Quelle est donc la réalité qu’il nous faut voir en face ?

Il existe bien un appareil officiel du FLN, composé de fonctionnaires permanents d’une part, et d’adhérents dont une partie se présente aux réunions sur convocation, d’autre part ; mais il n’y a pas réellement de parti au vrai sens du terme, et il n’y a pas non plus de parti unique. Il existe en fait un grand nombre de partis, structurés ou non, qui représentent chacun des tendances de droite ou de gauche, aussi bien parmi les partisans du pouvoir actuel que parmi ses adversaires. Cela ne nous étonne pas car cela correspond aux décantations sociales qui s’approfondissent inévitablement après l’indépendance.

La différence avec nombre de ces partis qui existent malgré la règle officielle du « parti unique » c’est que le PAGS accomplit son travail et proclame ses objectifs ouvertement, tandis que nombre des autres formations, dont les représentants se déclarent publiquement pour le parti unique, mènent leur activité d’une façon occulte, bien que suivie et organisée, que ce soit dans le FLN, les rouages gouvernementaux, l’administration, l’armée, les organisations de masse, la population, e t c…

Dans ces conditions, il n’est pas réaliste de chercher par la répression à intégrer nos militants dans un cadre artificiellement imposé. De cette façon, on tourne et on tournera le dos à la solution.

La seule voie bénéfique, pour les révolutionnaires, est de commencer par apprécier les organisations existantes d’après le contenu de leur activité. Cette activité va-t-elle ou non dans le sens des objectifs progressistes, proclamés par le parti du FLN lui-même ?

Nous voudrions illustrer cela par un exemple : de quoi s’occupaient nos militants et sympathisants récemment arrêtés ? Ils étudiaient d’une façon organisée les problèmes économiques de notre pays en vue d’établir une plate-forme commune à soumettre à la discussion de tous les progressistes.
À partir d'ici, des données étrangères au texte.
Lemma hoeffding_lemma (W : finType) (q Y : W -> R) (c lam : R) :
  0 < c -> (forall w, 0 <= q w) -> \sum_w q w = 1 -> \sum_w q w * Y w = 0 ->
  (forall w, -c <= Y w <= c) ->
  \sum_w q w * expR (lam * Y w) <= expR ((lam * c) ^+ 2 / 2).
Proof.
move=> c0 q0 q1 qY0 Yc.
set A := expR (- (lam * c)); set B := expR (lam * c).
apply: (@le_trans _ _ (\sum_w q w * (((c - Y w) * A + (c + Y w) * B) / (2 * c)))).
  by apply: ler_sum => w _; rewrite ler_wpM2l ?expR_le_chord.
have split_chord w : q w * (((c - Y w) * A + (c + Y w) * B) / (2 * c)) =
    q w * ((B + A) / 2) + q w * Y w * ((B - A) / (2 * c)).
  by field; lra.
rewrite (eq_bigr _ (fun w _ => split_chord w)) big_split /= -!mulr_suml.
by rewrite q1 qY0 mul0r addr0 mul1r; apply: cosh_le_expR_sqr_half.
Qed.

Lemma sum_prod_distr (I W : finType) (q : I -> W -> R) :
  (forall i, \sum_w q i w = 1) ->
  \sum_(z : {ffun I -> W}) \prod_i q i (z i) = 1.
Proof. by move=> q1; rewrite -bigA_distr_bigA big1 // => i _; rewrite q1. Qed.

Section ProductDistribution.
Variables (I W : finType) (q Y : I -> W -> R) (c : R).
Hypotheses (q_ge0 : forall i w, 0 <= q i w) (q_sum1 : forall i, \sum_w q i w = 1).
Hypotheses (Y_mean0 : forall i, \sum_w q i w * Y i w = 0).
Hypothesis Y_bounded : forall i w, -c <= Y i w <= c.

Lemma chernoff_prod (lam a : R) : 0 < c -> 0 <= lam ->
  \sum_(z : {ffun I -> W} | a < \sum_i Y i (z i)) \prod_i q i (z i)
   <= expR (- (lam * a) + #|I|%:R * ((lam * c) ^+ 2 / 2)).
Proof.
move=> c0 lam0.
pose tilt (z : {ffun I -> W}) := expR (lam * (\sum_i Y i (z i) - a)).
apply: (@le_trans _ _ (\sum_(z : {ffun I -> W}) \prod_i q i (z i) * tilt z)).
  rewrite big_mkcond /=; apply: ler_sum => z _.
  have p0 : 0 <= \prod_i q i (z i) by apply: prodr_ge0.
  case: ifP => [aY|_]; last by rewrite mulr_ge0 ?expR_ge0.
  by rewrite ler_peMr // -expR0 ler_expR mulr_ge0 // subr_ge0 ltW.
have tiltE (z : {ffun I -> W}) : \prod_i q i (z i) * tilt z =
    expR (- (lam * a)) * \prod_i (q i (z i) * expR (lam * Y i (z i))).
  by rewrite big_split /= mulrCA /tilt mulrBr addrC expRD mulr_sumr expR_sum.
rewrite (eq_bigr _ (fun z _ => tiltE z)) -mulr_sumr.
rewrite -(bigA_distr_bigA (fun i w => q i w * expR (lam * Y i w))) /= expRD.
rewrite ler_wpM2l ?expR_ge0 // expRM_natl -prodr_const.
apply: ler_prod => i _; rewrite sumr_ge0 /= => [|w _]; last first.
  by rewrite mulr_ge0 ?expR_ge0.
exact: hoeffding_lemma.
Qed.
Lemma prime_ann_frakA q y : is_prime q -> is_prime (ann (contr (J q)) y) ->
  frakA J (ann (contr (J q)) y) /\ (forall x, ann (contr (J q)) y x -> q x) /\
  ~ contr (J (ann (contr (J q)) y)) y.
Proof.
set Q := ann (contr (J q)) y => hq hQ.
have hQq x : Q x -> q x.
  move=> hx; apply: NNPP => hnx; apply: (prime_notin1 hQ).
  by rewrite /Q /ann scale1r; exact: (contr_cancel hq (hJ hq) hnx hx).
have hsat := contr_saturate _ hQ hq hQq.
split; last by split => // /hsat [c [hc]]; apply: hc.
split => //; exists y, 1; split; first exact: prime_notin1.
move=> a t ht; rewrite in_pApP // mulr1; split.
  move/(locsub_contr hQ (hJ hQ)) => [_ /hsat [c [hc]]].
  by rewrite scalerA => /(proj2 (proj2 hQ)) [/hc|].
move=> ha; apply/(locsub_contr hQ (hJ hQ)); split => //; apply/hsat.
by exists 1; rewrite scale1r; split; first exact: prime_notin1.
Qed.

Hypothesis hN : noetherian A.

Lemma exists_frakA_below q z : is_prime q -> ~ contr (J q) z ->
  exists Q, frakA J Q /\ (forall x, Q x -> q x) /\ ~ contr (J Q) z.
Proof.
move=> hq hz.
have [b [hb hP]] := noetherian_prime_ann hN (contrJ_submod hq) hz.
have [hA [hsub hnot]] := prime_ann_frakA hq hP.
exists (ann (contr (J q)) (b *: z)); do 2!split => //.
by move=> h; apply: hnot; apply: (is_submodZ b (contrJ_submod (proj1 hA)) h).
Qed.

Hypothesis hfin : finite_primes (frakA J).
Cette plate-forme comporte entre autres le soutien et la consolidation d’un grand nombre de mesures prises ou prévues par le pouvoir. Pourquoi nos militants n’avaient-ils pas mené ce travail dans un cadre officiel ? C’est Chérif Belkacem (qui est passé du FLN au Plan et qui est de ce fait doublement « habilité ») qui apporte la réponse dans l’interview qu’il a donnée à « El Moudjahid » le 1er août, lorsqu’il dit à quel point la discussion sur le plan triennal est restée étroite et sans répercussions réelles parmi tous ceux qui sont chargés de l’appliquer. On se souvient pourtant quel battage officiel avait été fait autour de ce plan.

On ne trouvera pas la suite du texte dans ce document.